| Task goal |
Write out exactly the lines below that run from the one containing "block_mx over the" through the one containing "block_mx (block_mx 0 0 0 B)", both included, with no other lines.

| Listed records |
(* For every $\lambda\in\mathbb{C}$, $$\det\left(\mathbf{P}_2^{-1}\mathbf{K}-\lambda I_{2m+n}\right)=(1-\lambda)^{2m}\det\left(B^{-1}H-\lambda I_n\right).$$ Consequently $\mathbf{P}_2^{-1}\mathbf{K}$ has the same eigenvalues (with algebraic multiplicities) as $\mathbf{P}_4^{-1}\mathbf{K}$: the value $1$ with multiplicity (at least) $2m$ together with the eigenvalues of $B^{-1}H$.
   Context: Let $m,n\ge 1$. Let $R_u\in\mathbb{R}^{m\times m}$ be invertible, $R_z\in\mathbb{R}^{m\times n}$, $L_{uu}\in\mathbb{R}^{m\times m}$ symmetric, $L_{uz}\in\mathbb{R}^{m\times n}$, $L_{zu}:=L_{uz}^T$, $L_{zz}\in\mathbb{R}^{n\times n}$ symmetric, and $B\in\mathbb{R}^{n\times n}$ invertible. Write $R_u^{-T}:=(R_u^{-1})^T$. Define the reduced Hessian $H:=L_{zz}-L_{zu}R_u^{-1}R_z-R_z^TR_u^{-T}L_{uz}+R_z^TR_u^{-T}L_{uu}R_u^{-1}R_z$. The KKT matrix is $\mathbf{K}:=\begin{bmatrix} L_{uu} & L_{uz} & R_u^T\\ L_{zu} & L_{zz} & R_z^T\\ R_u & R_z & 0\end{bmatrix}$ and $\mathbf{P}_2:=\begin{bmatrix} 0 & 0 & R_u^T\\ 0 & B & R_z^T\\ R_u & R_z & 0\end{bmatrix}$. $\mathbf{P}_4:=\mathbf{K}_1\mathbf{K}_2$ with $\mathbf{K}_1=\begin{bmatrix} L_{uu}R_u^{-1} & 0 & I_m\\ L_{zu}R_u^{-1} & I_n & R_z^TR_u^{-T}\\ I_m & 0 & 0\end{bmatrix}$, $\mathbf{K}_2=\begin{bmatrix} R_u & R_z & 0\\ 0 & B & 0\\ 0 & L_{uz}-L_{uu}R_u^{-1}R_z & R_u^T\end{bmatrix}$. *)

(* Real matrices over an arbitrary real closed field R
   (which includes the reals); complex numbers are R[i]. *)
From mathcomp Require Import all_boot all_order all_algebra.
From mathcomp.real_closed Require Export complex.
Set Implicit Arguments. Unset Strict Implicit. Unset Printing Implicit Defensive.
Import GRing.Theory Num.Theory.
Local Open Scope ring_scope.

Section Defs.
Variables (R : comUnitRingType) (m n : nat).
Variables (Ru : 'M[R]_m) (Rz : 'M[R]_(m, n)) (Luu : 'M[R]_m) (Luz : 'M[R]_(m, n))
          (Lzz : 'M[R]_n) (B : 'M[R]_n).

Definition Lzu := Luz^T.
Definition RuinvT := (invmx Ru)^T.

Definition redHess : 'M[R]_n :=
  Lzz - Lzu *m invmx Ru *m Rz - Rz^T *m RuinvT *m Luz
  + Rz^T *m RuinvT *m Luu *m invmx Ru *m Rz.

(* 3x3 block matrices with block sizes (m, n, m), encoded as
   block_mx over the splitting (m + n) + m. *)
Definition KKT : 'M[R]_(m + n + m) :=
  block_mx (block_mx Luu Luz Lzu Lzz) (col_mx Ru^T Rz^T) (row_mx Ru Rz) 0.

Definition P2 : 'M[R]_(m + n + m) :=
  block_mx (block_mx 0 0 0 B) (col_mx Ru^T Rz^T) (row_mx Ru Rz) 0.

Definition K1 : 'M[R]_(m + n + m) :=
  block_mx (block_mx (Luu *m invmx Ru) 0 (Lzu *m invmx Ru) 1%:M)
           (col_mx 1%:M (Rz^T *m RuinvT)) (row_mx 1%:M 0) 0.

Definition K2 : 'M[R]_(m + n + m) :=
  block_mx (block_mx Ru Rz 0 B) (col_mx 0 0)
           (row_mx 0 (Luz - Luu *m invmx Ru *m Rz)) Ru^T.

Definition P4 : 'M[R]_(m + n + m) := K1 *m K2.
End Defs.

(* Write C = [Ru Rz] for the constraint Jacobian (Ru invertible) and
   Z = [-Ru^-1 Rz; I] for the induced basis of its null space.  Every matrix
   considered is a saddle-point matrix  S(A, c) = [A  c C^T; c C  0]  whose
   (u,z)-block A is an arbitrary (m+n)-square matrix; its reduced matrix is
   Z^T A Z, and the reduced Hessian H is the reduced matrix of the Hessian.

   1. Block elimination: with an explicit invertible left factor (elimination
      followed by a block swap) and a unit upper-triangular right factor, S(A, c) becomes block lower
      triangular with diagonal (c Ru, Z^T A Z, c Ru^T); hence
      det S(A, c) = c^(2m) det(Ru)^2 det(Z^T A Z) up to a fixed unit.
   2. Since S(A,1) - lam S(P,1) = S(A - lam P, 1 - lam) and reduction is
      linear, this gives for any preconditioner S(P, 1) with Z^T P Z invertible
        det(S(P,1)^-1 S(A,1) - lam) = (1-lam)^(2m) det((Z^T P Z)^-1 Z^T A Z - lam).
   3. KKT, P2 and P4 are saddle-point matrices; the reduced matrix of KKT is H
      and that of P2 and P4 is B.  All identities hold over any commutative
      ring with units, so they apply to the complexified matrices and, with
      lam = 'X over polynomials, to the characteristic polynomials. *)

From mathcomp Require Import all_boot all_order all_algebra.
From mathcomp.real_closed Require Import complex.
From mathcomp Require Import ring.
Import GRing.Theory.
Local Open Scope ring_scope.
Set Implicit Arguments. Unset Strict Implicit. Unset Printing Implicit Defensive.

Ltac block_simpl := repeat progress rewrite ?mulmx_block ?mul_block_col
  ?mul_row_block ?mul_row_col ?mul_col_row
  ?(mul0mx, mulmx0, mul1mx, mulmx1, add0r, addr0, mulNmx, mulmxN, row_mx0,
    col_mx0, block_mx0, add_block_mx, add_col_mx, add_row_mx, addNr, addrN, opprK).

Lemma pencil_det (S : comUnitRingType) k (P A : 'M[S]_k) (lam : S) :
  P \in unitmx -> \det (invmx P *m A - lam%:M) * \det P = \det (A - lam *: P).
Proof.
move=> P_unit.
have -> : invmx P *m A - lam%:M = invmx P *m (A - lam *: P).
  by rewrite mulmxBr -scalemxAr mulVmx // scalemx1.
by rewrite det_mulmx det_inv mulrC mulVKr // -unitmxE.
Qed.

Section SaddlePoint.
Variables (S : comUnitRingType) (m n : nat).
Variables (Ru : 'M[S]_m) (Rz : 'M[S]_(m, n)).
Hypothesis Ru_unit : Ru \in unitmx.

Let N := invmx Ru *m Rz.

Definition nullZ : 'M[S]_(m + n, n) := col_mx (- N) 1%:M.

Definition reduced (A : 'M[S]_(m + n)) : 'M[S]_n := nullZ^T *m A *m nullZ.

Definition saddle (A : 'M[S]_(m + n)) (c : S) : 'M[S]_(m + n + m) :=
  block_mx A (c *: (row_mx Ru Rz)^T) (c *: row_mx Ru Rz) 0.

Lemma reduced_block (Auu : 'M[S]_m) (Auz : 'M[S]_(m, n)) (Azu : 'M[S]_(n, m))
    (Azz : 'M[S]_n) :
  reduced (block_mx Auu Auz Azu Azz)
  = Azz - N^T *m Auz - (Azu - N^T *m Auu) *m N.
Proof.
rewrite /reduced /nullZ tr_col_mx trmx1 linearN /= mul_row_block mul_row_col.
by rewrite !mulNmx !mulmxN !mul1mx !mulmx1 addrC (addrC (- _)) (addrC (- _)).
Qed.

Lemma reduced_shift (Auu : 'M[S]_m) (Auz : 'M[S]_(m, n)) (Azu : 'M[S]_(n, m))
    (Azz D : 'M[S]_n) :
  reduced (block_mx Auu Auz Azu (Azz + D)) = reduced (block_mx Auu Auz Azu Azz) + D.
Proof. by rewrite !reduced_block (addrAC Azz) [LHS]addrAC. Qed.

Lemma reduced_diag (D : 'M[S]_n) : reduced (block_mx 0 0 0 D) = D.
Proof. by rewrite reduced_block !mulmx0 !subr0 mul0mx subr0. Qed.

Lemma reducedB (A P : 'M[S]_(m + n)) (lam : S) :
  reduced (A - lam *: P) = reduced A - lam *: reduced P.
Proof. by rewrite /reduced mulmxBr mulmxBl -scalemxAr -scalemxAl. Qed.

Lemma saddleB (A P : 'M[S]_(m + n)) (lam : S) :
  saddle A 1 - lam *: saddle P 1 = saddle (A - lam *: P) (1 - lam).
Proof.
rewrite /saddle scale_block_mx scaler0 !scalerA mulr1 opp_block_mx oppr0.
by rewrite add_block_mx addr0 !scalerBl !scale1r.
Qed.

Lemma Ru_N : Ru *m N = Rz.
Proof. by rewrite mulmxA mulmxV // mul1mx. Qed.

Lemma NT_RuT : N^T *m Ru^T = Rz^T.
Proof. by rewrite -trmx_mul Ru_N. Qed.

(* Row elimination: eliminate Rz^T against Ru^T, then swap the two m-blocks. *)
Definition elimL : 'M[S]_(m + n + m) :=
  block_mx (block_mx 0 0 (- N^T) 1%:M) (col_mx 1%:M 0) (row_mx 1%:M 0) 0.

(* Column elimination of Rz against Ru. *)
Definition elimR : 'M[S]_(m + n + m) :=
  block_mx (block_mx 1%:M (- N) 0 1%:M) 0 0 1%:M.

Lemma elimL_unit : \det elimL \is a GRing.unit.
Proof.
have elimL_inv : elimL *m block_mx (block_mx 0 0 0 1%:M) (col_mx 1%:M N^T)
                                   (row_mx 1%:M 0) 0 = 1%:M.
  by rewrite /elimL; block_simpl; rewrite -!scalar_mx_block.
by rewrite -unitmxE; case: (mulmx1_unit elimL_inv).
Qed.

Lemma det_elimR : \det elimR = 1.
Proof. by rewrite /elimR !det_ublock !det1 !mulr1. Qed.

Lemma elim_saddle (Auu : 'M[S]_m) (Auz : 'M[S]_(m, n)) (Azu : 'M[S]_(n, m))
    (Azz : 'M[S]_n) (c : S) :
  elimL *m saddle (block_mx Auu Auz Azu Azz) c *m elimR
  = block_mx (block_mx (c *: Ru) 0 (Azu - N^T *m Auu)
                       (reduced (block_mx Auu Auz Azu Azz)))
             0 (row_mx Auu (Auz - Auu *m N)) (c *: Ru^T).
Proof.
rewrite /elimL /saddle /elimR tr_row_mx scale_col_mx scale_row_mx; block_simpl.
rewrite -!scalemxAl -!scalemxAr Ru_N NT_RuT !addNr col_mx0 reduced_block.
congr (block_mx (block_mx _ _ _ _) _ (row_mx _ _) _);
  by rewrite addrC // (addrC (- _)) (addrC (- _)).
Qed.

Lemma det_saddle A c :
  \det (saddle A c) * \det elimL = c ^+ (2 * m) * \det Ru ^+ 2 * \det (reduced A).
Proof.
have := congr1 determinant (elim_saddle (ulsubmx A) (ursubmx A) (dlsubmx A) (drsubmx A) c).
rewrite submxK !det_mulmx det_elimR mulr1 !det_lblock !detZ det_tr mulrC => ->.
by rewrite mul2n -addnn exprD; ring.
Qed.

Theorem saddle_pencil A P (lam : S) :
  reduced P \in unitmx ->
  \det (invmx (saddle P 1) *m saddle A 1 - lam%:M)
  = (1 - lam) ^+ (2 * m) * \det (invmx (reduced P) *m reduced A - lam%:M).
Proof.
move=> redP_unit.
have detP := det_saddle P 1; rewrite expr1n mul1r in detP.
have detPL_unit : \det (saddle P 1) * \det elimL \is a GRing.unit.
  by rewrite detP !unitrM -!unitmxE Ru_unit redP_unit.
have P_unit : saddle P 1 \in unitmx.
  by move: detPL_unit; rewrite unitrM unitmxE => /andP[].
apply: (mulIr detPL_unit); rewrite mulrA pencil_det // saddleB detP det_saddle.
by rewrite reducedB -pencil_det //; ring.
Qed.

End SaddlePoint.

Section Preconditioners.
Variables (S : comUnitRingType) (m n : nat).
Variables (Ru : 'M[S]_m) (Rz : 'M[S]_(m, n)) (Luu : 'M[S]_m) (Luz : 'M[S]_(m, n))
          (Lzz : 'M[S]_n) (B : 'M[S]_n).
Hypothesis Ru_unit : Ru \in unitmx.

Let N := invmx Ru *m Rz.
Local Notation H := (redHess Ru Rz Luu Luz Lzz).
Local Notation Hess Azz := (block_mx Luu Luz (Lzu Luz) Azz).

Lemma KKT_saddle : KKT Ru Rz Luu Luz Lzz = saddle Ru Rz (Hess Lzz) 1.
Proof. by rewrite /saddle tr_row_mx !scale1r. Qed.

Lemma P2_saddle : P2 Ru Rz B = saddle Ru Rz (block_mx 0 0 0 B) 1.
Proof. by rewrite /saddle tr_row_mx !scale1r. Qed.

Lemma reduced_KKT : reduced Ru Rz (Hess Lzz) = H.
Proof.
rewrite reduced_block /redHess /RuinvT -trmx_mul -!mulmxA -/N mulmxBl opprB.
rewrite -mulmxA [LHS]addrA [LHS]addrAC; congr (_ + _); exact: addrAC.
Qed.

(* The part of H not coming from Lzz, which P4 replaces by B. *)
Lemma hessian_correction : Lzz - H = Lzu Luz *m N + N^T *m (Luz - Luu *m N).
Proof.
rewrite -reduced_KKT reduced_block -addrA -opprD subKr mulmxBl mulmxBr.
by rewrite -!mulmxA -/N addrCA.
Qed.

Lemma P4_saddle : P4 Ru Rz Luu Luz B = saddle Ru Rz (Hess (Lzz + (B - H))) 1.
Proof.
rewrite /P4 /K1 /K2 /saddle /Lzu /RuinvT tr_row_mx !scale1r; block_simpl.
rewrite mul_col_mx mul1mx -!mulmxA mulVmx // !mulmx1 -/N subrKC.
rewrite -(trmx_mul Ru) mulmxV // trmx1 mulmx1 mulmxA -trmx_mul -/N.
by rewrite (addrCA Lzz) hessian_correction addrAC addrC.
Qed.

Hypothesis B_unit : B \in unitmx.

Theorem pencil_P2 (lam : S) :
  \det (invmx (P2 Ru Rz B) *m KKT Ru Rz Luu Luz Lzz - lam%:M)
  = (1 - lam) ^+ (2 * m) * \det (invmx B *m H - lam%:M).
Proof.
by rewrite P2_saddle KKT_saddle saddle_pencil // reduced_diag // reduced_KKT.
Qed.

Theorem pencil_P4 (lam : S) :
  \det (invmx (P4 Ru Rz Luu Luz B) *m KKT Ru Rz Luu Luz Lzz - lam%:M)
  = (1 - lam) ^+ (2 * m) * \det (invmx B *m H - lam%:M).
Proof.
by rewrite P4_saddle KKT_saddle saddle_pencil // reduced_shift reduced_KKT subrKC.
Qed.
End Preconditioners.

(* The matrices of the problem commute with ring morphisms, e.g. the embedding
   of R into R[i] or into polynomials. *)
Section MapMatrices.
Variables (F : fieldType) (S : comUnitRingType) (f : {rmorphism F -> S}).
Variables (m n : nat).
Variables (Ru : 'M[F]_m) (Rz : 'M[F]_(m, n)) (Luu : 'M[F]_m) (Luz : 'M[F]_(m, n))
          (Lzz : 'M[F]_n) (B : 'M[F]_n).

Lemma map_P2 : map_mx f (P2 Ru Rz B) = P2 (map_mx f Ru) (map_mx f Rz) (map_mx f B).
Proof.
by rewrite /P2 (map_block_mx f (block_mx _ _ _ _)) map_block_mx map_col_mx map_row_mx
  !map_mx0 !map_trmx.
Qed.

Lemma map_KKT :
  map_mx f (KKT Ru Rz Luu Luz Lzz) =
  KKT (map_mx f Ru) (map_mx f Rz) (map_mx f Luu) (map_mx f Luz) (map_mx f Lzz).
Proof.
by rewrite /KKT /Lzu (map_block_mx f (block_mx _ _ _ _)) map_block_mx map_col_mx
  map_row_mx !map_mx0 !map_trmx.
Qed.

Lemma map_P4 :
  map_mx f (P4 Ru Rz Luu Luz B) =
  P4 (map_mx f Ru) (map_mx f Rz) (map_mx f Luu) (map_mx f Luz) (map_mx f B).
Proof.
rewrite /P4 /K1 /K2 /Lzu /RuinvT map_mxM (map_block_mx f (block_mx _ _ _ _))
  (map_block_mx f (block_mx _ _ _ _)) !map_block_mx !map_col_mx !map_row_mx.
by rewrite ?map_mx0 ?map_mx1 ?map_mxB ?map_mxM -?map_trmx ?map_invmx.
Qed.

Lemma map_redHess :
  map_mx f (redHess Ru Rz Luu Luz Lzz) =
  redHess (map_mx f Ru) (map_mx f Rz) (map_mx f Luu) (map_mx f Luz) (map_mx f Lzz).
Proof.
by rewrite /redHess /Lzu /RuinvT ?(map_mxD, map_mxB, map_mxN) ?map_mxM
  -?map_trmx ?map_invmx.
Qed.
End MapMatrices.

Lemma char_poly_det (F : fieldType) k (A : 'M[F]_k) :
  char_poly A = (-1) ^+ k * \det (map_mx polyC A - 'X%:M).
Proof. by rewrite /char_poly /char_poly_mx -opprB -scaleN1r detZ. Qed.

Local Open Scope complex_scope.

Theorem mainTheorem7 (R : rcfType) (m n : nat)
  (Ru : 'M[R]_m) (Rz : 'M[R]_(m, n)) (Luu : 'M[R]_m) (Luz : 'M[R]_(m, n))
  (Lzz : 'M[R]_n) (B : 'M[R]_n) :
  Ru \in unitmx -> B \in unitmx -> Luu^T = Luu -> Lzz^T = Lzz ->
  (forall lambda : R[i],
     \det (map_mx (real_complex R) (invmx (P2 Ru Rz B) *m KKT Ru Rz Luu Luz Lzz)
           - lambda%:M)
     = (1 - lambda) ^+ (2 * m)
       * \det (map_mx (real_complex R) (invmx B *m redHess Ru Rz Luu Luz Lzz)
               - lambda%:M))
  /\ char_poly (invmx (P2 Ru Rz B) *m KKT Ru Rz Luu Luz Lzz)
     = char_poly (invmx (P4 Ru Rz Luu Luz B) *m KKT Ru Rz Luu Luz Lzz).
Proof.
move=> Ru_unit B_unit _ _; split.
  move=> lam; rewrite !map_mxM !map_invmx map_P2 map_KKT map_redHess.
  by rewrite pencil_P2 // map_unitmx.
rewrite !char_poly_det !map_mxM !map_invmx map_P2 map_P4 map_KKT.
by rewrite pencil_P2 ?pencil_P4 // map_unitmx.
Qed.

| Output below |
   block_mx over the splitting (m + n) + m. *)
Definition KKT : 'M[R]_(m + n + m) :=
  block_mx (block_mx Luu Luz Lzu Lzz) (col_mx Ru^T Rz^T) (row_mx Ru Rz) 0.

Definition P2 : 'M[R]_(m + n + m) :=
  block_mx (block_mx 0 0 0 B) (col_mx Ru^T Rz^T) (row_mx Ru Rz) 0.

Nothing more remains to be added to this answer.